Hey! This is the third blog-post in my series of GSoC experience. Phase-1 has come to its end. I’ll be sharing my experiences of third and fourth week of GSoC.
Third week
In third week of my coding, I did many minor fixes and improvements. It includes _RecursiveAttr.__repr__, better error handling and other changes suggested by my mentor. Thanks to Imanishi-san, he provided ideas to make existing code cleaner. So, there was some re-implementation of _Recursiveattr.__getattr__ and data transfer methods. fallback_mode now supports direct retrieval of NumPy scalars. I also implemented some tests for fallback_mode.
Fourth week
In this week, I again did some minor fixes, moved fallback_mode to cupyx/fallback_mode and implemented a test decorator for testing fallback methods. PR #2229 got merged and fallback_mode is added for release in cupy v7.0.0b1. I am super happy, as this was my first true opensource contribution.

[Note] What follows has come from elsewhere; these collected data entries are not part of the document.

Lemma flow_at_0 q : dist1 q p < r / 2 -> phi q 0 = q.
Proof.
  intros Hq. apply dist1_le0_eq, le_of_le_geometric with (c := 3 * r). intros n.
  rewrite <- (picard_at_0 F T q n) at 2. rewrite Rplus_0_l.
  apply flow_near_picard; auto. rewrite Rabs_R0. pose proof flow_time_pos. lra.
Qed.

Lemma flow_displacement q t : dist1 q p < r / 2 -> Rabs t <= T -> dist1 (phi q t) q <= B * Rabs t.
Proof.
  intros Hq Ht. rewrite <- (flow_at_0 q Hq) at 2. rewrite <- (Rminus_0_r t) at 2.
  apply flow_lipschitz; auto. rewrite Rabs_R0. pose proof flow_time_pos. lra.
Qed.

Lemma flow_in_ball q t : dist1 q p < r / 2 -> Rabs t <= T -> dist1 (phi q t) p < r.
Proof.
  intros Hq Ht. pose proof (flow_displacement q t Hq Ht). pose proof flow_time_B.
  pose proof (dist1_triangle (phi q t) q p).
  assert (B * Rabs t <= B * T) by (apply Rmult_le_compat_l; lra). lra.
Qed.

Lemma picard_taylor q n s t : dist1 q p < r / 2 -> Rabs s <= T -> Rabs t <= T ->
  dist1 (sub3 (P q (S n) s) (P q (S n) t)) (scal3 (s - t) (F (P q n t))) <= K * B * ((s - t) * (s - t)).
Proof.
  intros Hq Hs Ht.
  set (h := fun x => F (P q n (clamp T x))).
  assert (Hh : lipschitz_path h (K * B)) by (apply picard_field_lipschitz; auto).
  assert (Hdiff : sub3 (P q (S n) s) (P q (S n) t) = RInt3 h t s).
  { rewrite <- (RInt3_Chasles h (K * B) 0 t s Hh). simpl. fold h. R3_ring. }
  rewrite Hdiff, <- RInt3_const. unfold dist1.
  rewrite (RInt3_sub _ _ (K * B) 0)
    by (auto; intros u u'; rewrite dist1_refl; pose proof (Rabs_pos (u - u')); lra).
  eapply Rle_trans.
  - apply (norm1_RInt3_le _ (K * B + 0) _ _ (K * B * Rabs (s - t))).
    + intros u u'. eapply Rle_trans; [apply dist1_sub3|]. rewrite dist1_refl. pose proof (Hh u u'). lra.
    + intros x Hx. assert (Hxt : Rabs x <= T /\ Rabs (x - t) <= Rabs (s - t)).
      { unfold Rmin, Rmax in Hx. destruct Rle_dec; split; Rabs_lra. }
      assert (Hin : forall y, Rabs y <= T -> dist1 (P q n y) p < r).
      { intros y Hy. rewrite <- (clamp_id T y) by exact Hy. apply picard_in_ball; auto. }
      fold (dist1 (h x) (F (P q n t))). unfold h. rewrite clamp_id by apply Hxt.
      eapply Rle_trans.
      * apply HF; apply Hin; [apply Hxt | exact Ht].
      * destruct Hxt as [_ Hxs]. pose proof (picard_lipschitz q Hq n x t).
        rewrite Rmult_assoc. apply Rmult_le_compat_l; [lra|]. nra.
  - rewrite <- Rabs_mul_self. right. ring.
Qed.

Now, I am currently working on next goal, that is to implement fallback_mode.ndarray. It’s needed in order to apply fallback on ndarrays. Supporting methods such as ndarray.min(), ndarray.reshape() is easy. But, supporting magic methods such as __add__, __neg__ won’t work, as they bypasses __getattr__ in new-style classes. So, for the last couple of days, I was researching about all this and found out, that this could be overcame by proxying magic methods of cupy.ndarray to fallback_mode.ndarray. So, for now, working on it.
Summary
fallback_mode now has __repr__ and basic tests are done. It now supports methods of following types:
result = numpy.func(*args, **kwargs)result = numpy.module.func(*args, **kwargs)

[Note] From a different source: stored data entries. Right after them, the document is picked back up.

Fixpoint end_vertex (v : V) (es : seq E) : V :=
  match es with [::] => v | e :: es' => end_vertex (s e) es' end.

Definition psrc (p : gpath) : V := end_vertex p.1 p.2.
Definition prng (p : gpath) : V := p.1.

Definition pconcat (p q : gpath) : gpath := (p.1, p.2 ++ q.2).

Definition pdeg (p : gpath) : deg2 :=
  foldr (fun e acc => dadd (col e) acc) (0, 0)%N p.2.

Variable square : E -> E -> E -> E -> Prop.

Inductive sq_step : gpath -> gpath -> Prop :=
| SqStep v pre x y x' y' post : square x y x' y' ->
    sq_step (v, pre ++ [:: x; y] ++ post) (v, pre ++ [:: x'; y'] ++ post).

Definition sq_equiv : gpath -> gpath -> Prop := clos_refl_sym_trans _ sq_step.

(** The quotient G^* / sq_equiv is a 2-graph: the relation is compatible
    with range, source and degree (so the quotient is a category with a
    well-defined degree functor), and the degree functor has unique
    factorization on equivalence classes. *)
Definition quotient_is_2graph : Prop :=
  (forall p q, valid_path p -> sq_equiv p q ->
     [/\ valid_path q, prng q = prng p, psrc q = psrc p & pdeg q = pdeg p]) /\
  (forall p m n, valid_path p -> pdeg p = dadd m n ->
     exists q1 q2, valid_path q1 /\ valid_path q2 /\ psrc q1 = prng q2 /\
                   pdeg q1 = m /\ pdeg q2 = n /\ sq_equiv (pconcat q1 q2) p) /\
  (forall q1 q2 q1' q2', valid_path q1 -> valid_path q2 ->
     valid_path q1' -> valid_path q2' ->
     psrc q1 = prng q2 -> psrc q1' = prng q2' ->
     pdeg q1 = pdeg q1' -> pdeg q2 = pdeg q2' ->
     sq_equiv (pconcat q1 q2) (pconcat q1' q2') ->
     sq_equiv q1 q1' /\ sq_equiv q2 q2').

End Paths.

Definition insplit_is_2graph (L : two_graph) (mv : Obj L -> nat)
  (part : Mor L -> nat) : Prop :=
  @quotient_is_2graph (IV L) (IE L) (validV mv) (validE mv)
    (rI part) (@sI L) (@colI L) (squareI mv part).

From mathcomp Require Import all_boot.
From Stdlib Require Import Relations.
Set Implicit Arguments.
Unset Strict Implicit.
Unset Printing Implicit Defensive.

(* A path of G_I represents a morphism of Lambda: the composite of its
   underlying edges.  Each commuting square of G_I comes from a commuting
   square of Lambda, and the pairing condition puts both sides at the same
   vertex of G_I, so ~_I preserves range, source, degree and this composite.
   Conversely, factorizing f g in Lambda with the colours exchanged lets one
   swap adjacent edges of different colours, so every path is equivalent to
   one with any prescribed colour word of the same degree; and a path of G_I
   is determined by its colour word, its composite and its source.  Hence
   paths with the same source, degree and composite are equivalent, which
   yields factorization in Lambda_I by sorting colours and its uniqueness from
   unique factorization in Lambda. *)

Lemma clos_rst_incl (A : Type) (R Q : relation A) :
  reflexive A Q -> transitive A Q -> symmetric A R -> inclusion A R Q ->
  inclusion A (clos_refl_sym_trans A R) Q.
Proof.
move=> Qrefl Qtrans Rsym RQ x y xy.
suff [] : Q x y /\ Q y x by [].
elim: xy => {x y} [x y xy | x | x y _ [] | x y z _ [xy yx] _ [yz zy]] //.
- by split; [exact: RQ | exact/RQ/Rsym].
- by split; [apply: Qtrans xy yz | apply: Qtrans zy yx].
Qed.

Definition dsum (cs : seq deg2) : deg2 := foldr dadd (0, 0) cs.

Lemma dadd0 m : dadd m (0, 0) = m.
Proof. by rewrite /dadd !addn0; case: m. Qed.

Lemma dsum_cat a b : dsum (a ++ b) = dadd (dsum a) (dsum b).
Proof.
elim: a => [|c a IH] /=; first by case: (dsum b).
by rewrite IH /dadd /= !addnA.
Qed.

Definition two_colored (c : deg2) : bool := (c == eps1) || (c == eps2).

Definition ncolors (m : deg2) : seq deg2 := nseq m.1 eps1 ++ nseq m.2 eps2.

Lemma all_ncolors m : all two_colored (ncolors m).
Proof. by rewrite all_cat !all_nseq /two_colored !eqxx !orbT. Qed.

Lemma dsum_ncolors m : dsum (ncolors m) = m.
Proof.
have dsum_nseq k c : dsum (nseq k c) = (k * c.1, k * c.2).
  by elim: k => //= k ->; rewrite /dadd !mulSn.
by rewrite dsum_cat !dsum_nseq /dadd /= !muln1 !muln0 addn0; case: m.
Qed.

Lemma perm_ncolors cs : all two_colored cs -> perm_eq cs (ncolors (dsum cs)).
Proof.
elim: cs => //= c cs IH /andP [/orP [] /eqP -> /IH cs_perm].
  by rewrite /ncolors /= perm_cons.
by rewrite /ncolors /= add0n perm_sym -cat1s perm_catCA perm_cons perm_sym.
Qed.

Lemma perm_two_colored a b : all two_colored a -> all two_colored b ->
  dsum a = dsum b -> perm_eq a b.
Proof.
move=> /perm_ncolors a_perm /perm_ncolors b_perm dsum_ab.
by rewrite (perm_trans a_perm) // dsum_ab perm_sym.
Qed.

Section PathCategory.
Variables (V E : Type) (validE : E -> Prop).
Variables (r s : E -> V) (col : E -> deg2) (square : E -> E -> E -> E -> Prop).

Local Notation chain := (chain validE r s).
Local Notation end_vertex := (end_vertex s).

Lemma chain_cat v a b :
  chain v (a ++ b) <-> chain v a /\ chain (end_vertex v a) b.
Proof.
elim: a v => [|e a IH] v /=; first by tauto.
split=> [[ve re /IH [ca cb]] | [[ve re ca] cb]] //.
by split=> //; apply/IH.
Qed.

Lemma end_vertex_cat v a b :
  end_vertex v (a ++ b) = end_vertex (end_vertex v a) b.
Proof. by elim: a v => //= e a IH v. Qed.

Lemma pdeg_dsum (v : V) es : pdeg col (v, es) = dsum (map col es).
Proof. by rewrite /dsum foldr_map. Qed.

Lemma end_vertex_valid (validV : V -> Prop) v es :
  (forall e, validE e -> validV (s e)) ->
  validV v -> chain v es -> validV (end_vertex v es).
Proof. by move=> sV; elim: es v => //= e es IH v _ [/sV /IH]. Qed.

Lemma sq_step_sym :
  (forall x y x' y', square x y x' y' -> square x' y' x y) ->
  symmetric _ (@sq_step V E square).
Proof. by move=> square_sym p q [v pre x y x' y' post /square_sym]; constructor. Qed.

Lemma sq_equiv_cons (v : V) (e : E) (p q : gpath V E) :
  sq_equiv square p q -> sq_equiv square (v, e :: p.2) (v, e :: q.2).
Proof.
elim=> {p q} [p q [u pre x y x' y' post sq_xy] | p | p q _ | p q t _ pq _ qt].
- by apply: rst_step; apply: (SqStep v (e :: pre) post sq_xy).
- exact: rst_refl.
- exact: rst_sym.
- exact: rst_trans pq qt.
Qed.

End PathCategory.

Section Insplitting.
Variables (L : two_graph) (mv : Obj L -> nat) (part : Mor L -> nat).
Hypothesis part_lt : forall f, is_edge f -> part f < mv (tg_r f).
Hypothesis pairing : pairing_condition part.

Local Notation r := (@tg_r L).
Local Notation s := (@tg_s L).
Local Notation d := (@tg_d L).
Local Notation comp := (@tg_comp L).
Local Notation ch := (chain (validE mv) (rI part) (@sI L)).
Local Notation ev := (end_vertex (@sI L)).
Local Notation deg := (pdeg (@colI L)).
Local Notation sq := (squareI mv part).
Local Notation equiv := (sq_equiv sq).

Fixpoint path_mor (w : IV L) (es : seq (IE L)) : Mor L :=
  if es is e :: es' then comp e.1 (path_mor (sI e) es') else tg_id w.1.

Lemma path_morP w es : ch w es ->
  [/\ r (path_mor w es) = w.1, s (path_mor w es) = (ev w es).1
    & d (path_mor w es) = deg (w, es)].
Proof.
elim: es w => [|e es IH] w /=; first by rewrite tg_r_id tg_s_id tg_d_id.
move=> [_ <- /IH [r_es s_es d_es]].
have se : s e.1 = r (path_mor (sI e) es) by rewrite r_es.
by rewrite tg_r_comp // tg_s_comp // tg_d_comp // d_es.
Qed.

Lemma path_mor_cat w a b : ch w (a ++ b) ->
  path_mor w (a ++ b) = comp (path_mor w a) (path_mor (ev w a) b).
Proof.
elim: a w => [|e a IH] w /=.
  by move=> /path_morP [<- _ _]; rewrite tg_id_l.
move=> [_ _ ch_ab].
have /chain_cat [ch_a ch_b] := ch_ab.
have [r_a s_a _] := path_morP ch_a.
have [r_b _ _] := path_morP ch_b.
by rewrite IH // tg_assoc // ?r_a ?s_a ?r_b.
Qed.

Definition data_preserved (p q : gpath (IV L) (IE L)) : Prop :=
  ch p.1 p.2 -> [/\ ch q.1 q.2, q.1 = p.1, ev q.1 q.2 = ev p.1 p.2,
                    deg q = deg p & path_mor q.1 q.2 = path_mor p.1 p.2].

Lemma data_preserved_refl : reflexive _ data_preserved.
Proof. by []. Qed.

Lemma data_preserved_trans : transitive _ data_preserved.
Proof.
move=> p q t pq qt /pq [/qt [ch_t t1 t_ev t_deg t_mor] q1 q_ev q_deg q_mor].
by split; congruence.
Qed.

Lemma data_preserved_cat w pre l l' post :
  data_preserved (ev w pre, l) (ev w pre, l') ->
  data_preserved (w, pre ++ l ++ post) (w, pre ++ l' ++ post).
Proof.
move=> ll' /= /[dup] ch_all /chain_cat [ch_pre /[dup] ch_rest].
move=> /chain_cat [/ll' [ch_l' _ ev_l deg_l mor_l] ch_post].
have ch_rest' : ch (ev w pre) (l' ++ post) by apply/chain_cat; rewrite ev_l.
have ch_all' : ch w (pre ++ l' ++ post) by apply/chain_cat.
split=> //.
- by rewrite !end_vertex_cat ev_l.
- by move: deg_l; rewrite !pdeg_dsum /= !map_cat !dsum_cat => ->.
- by rewrite !path_mor_cat // ev_l mor_l.
Qed.

Lemma squareI_sym x y x' y' : sq x y x' y' -> sq x' y' x y.
Proof.
case: x y x' y' => [f i] [g k] [a j] [b k'] /=.
by move=> [<-]; intuition.
Qed.

Lemma squareI_data u x y x' y' : sq x y x' y' ->
  data_preserved (u, [:: x; y]) (u, [:: x'; y']).
Proof.
case: x y x' y' => [f i] [g k] [a j] [b k'] /=.
move=> [<- [_ [vgk [vaj [vbk [_ [bj [fg [ab fg_ab]]]]]]]]].
rewrite /data_preserved /= => -[[ef _] <- _].
have rfa : r f = r a by rewrite -(tg_r_comp fg) -(tg_r_comp ab) fg_ab.
have sgb : s g = s b by rewrite -(tg_s_comp fg) -(tg_s_comp ab) fg_ab.
(* The pairing condition puts the two sides at the same vertex of G_I. *)
have pfa : part f = part a.
  by apply: (pairing (g := g) (b := b)) => //; [case: vaj | case: vgk | case: vbk].
rewrite /sI /rI /colI /= -sgb.
split=> //.
- by rewrite rfa pfa ab bj.
- by rewrite /pdeg /= !dadd0 -!tg_d_comp // fg_ab.
- by rewrite tg_id_r sgb tg_id_r fg_ab.
Qed.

where, execution steps are performed onargs,kwargsand result is returned.
Following is how the fallback_mode currently works.

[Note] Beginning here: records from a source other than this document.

Theorem proposition3p6 (R : realType) (L : nat) (r : R) :
  (2 <= L)%N -> 0 <= r -> r < L%:R / (L.+1)%:R ->
  exists n0 : nat,
    forall (F : finFieldType) (n t : nat),
      (n0 <= n)%N -> r * n%:R = t%:R ->
      forall C : {vspace 'rV[F]_n},
        list_decodable C t L ->
        (\dim C)%:Z <= n%:Z - Num.ceil ((L.+1)%:R / L%:R * t%:R : R).
Proof.
move=> L2 r0 rlt; have L0 : (0 < L)%N by apply: leq_trans L2.
have [n0 n0P] := eventually_rate_bound L0 r0 rlt.
exists n0 => F n t n0n rn C dec.
have kn : (\dim C <= n)%N by rewrite -[X in (_ <= X)%N](dim_rV F n) dimvS ?subvf.
apply: ceil_bound_of_nat => //.
have [kL|Lk] := leqP (2 * L) (\dim C); first exact: list_decodable_dim_le.
rewrite -(ler_nat R) !natrM natrB // -rn; apply: le_trans (n0P n n0n) _.
by rewrite ler_wpM2l ?ler0n // lerB // ler_nat ltnW.
Qed.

>>> from cupyx.fallback_mode import numpy
>>> numpy.ones
<numpy = <function ones at 0x000002AC4E0AC598>, cupy = <function ones at 0x000002AC4EB977B8>>
>>> numpy.nanargmin
<numpy = <function nanargmin at 0x000002AC4E1FA7B8>, cupy = None>
>>> numpy.pi
3.141592653589793
>>> numpy.nan
nan
>>> a = numpy.array([[1,numpy.nan,2],[3,4,numpy.nan]])
>>> type(a)
<class cupy.core.core.ndarray>
>>> res = numpy.nanargmin(a, axis=0)
>>> res
array([0, 1, 0], dtype=int64)
>>> type(res)
<class cupy.core.core.ndarray>
>>> numpy.linalg
<numpy = module numpy.linalg, cupy = module cupy.linalg>
>>> numpy.matrixlib
<numpy = module numpy.matrixlib, cupy = module None>
Future work
Future work will include:
- Support fallback for
fallback_mode.ndarray. - Notification mechanism, similar to that of
numpy.seterr. - Supporting methods such as
ndarray.resize()where nothing is returned, but references are modified.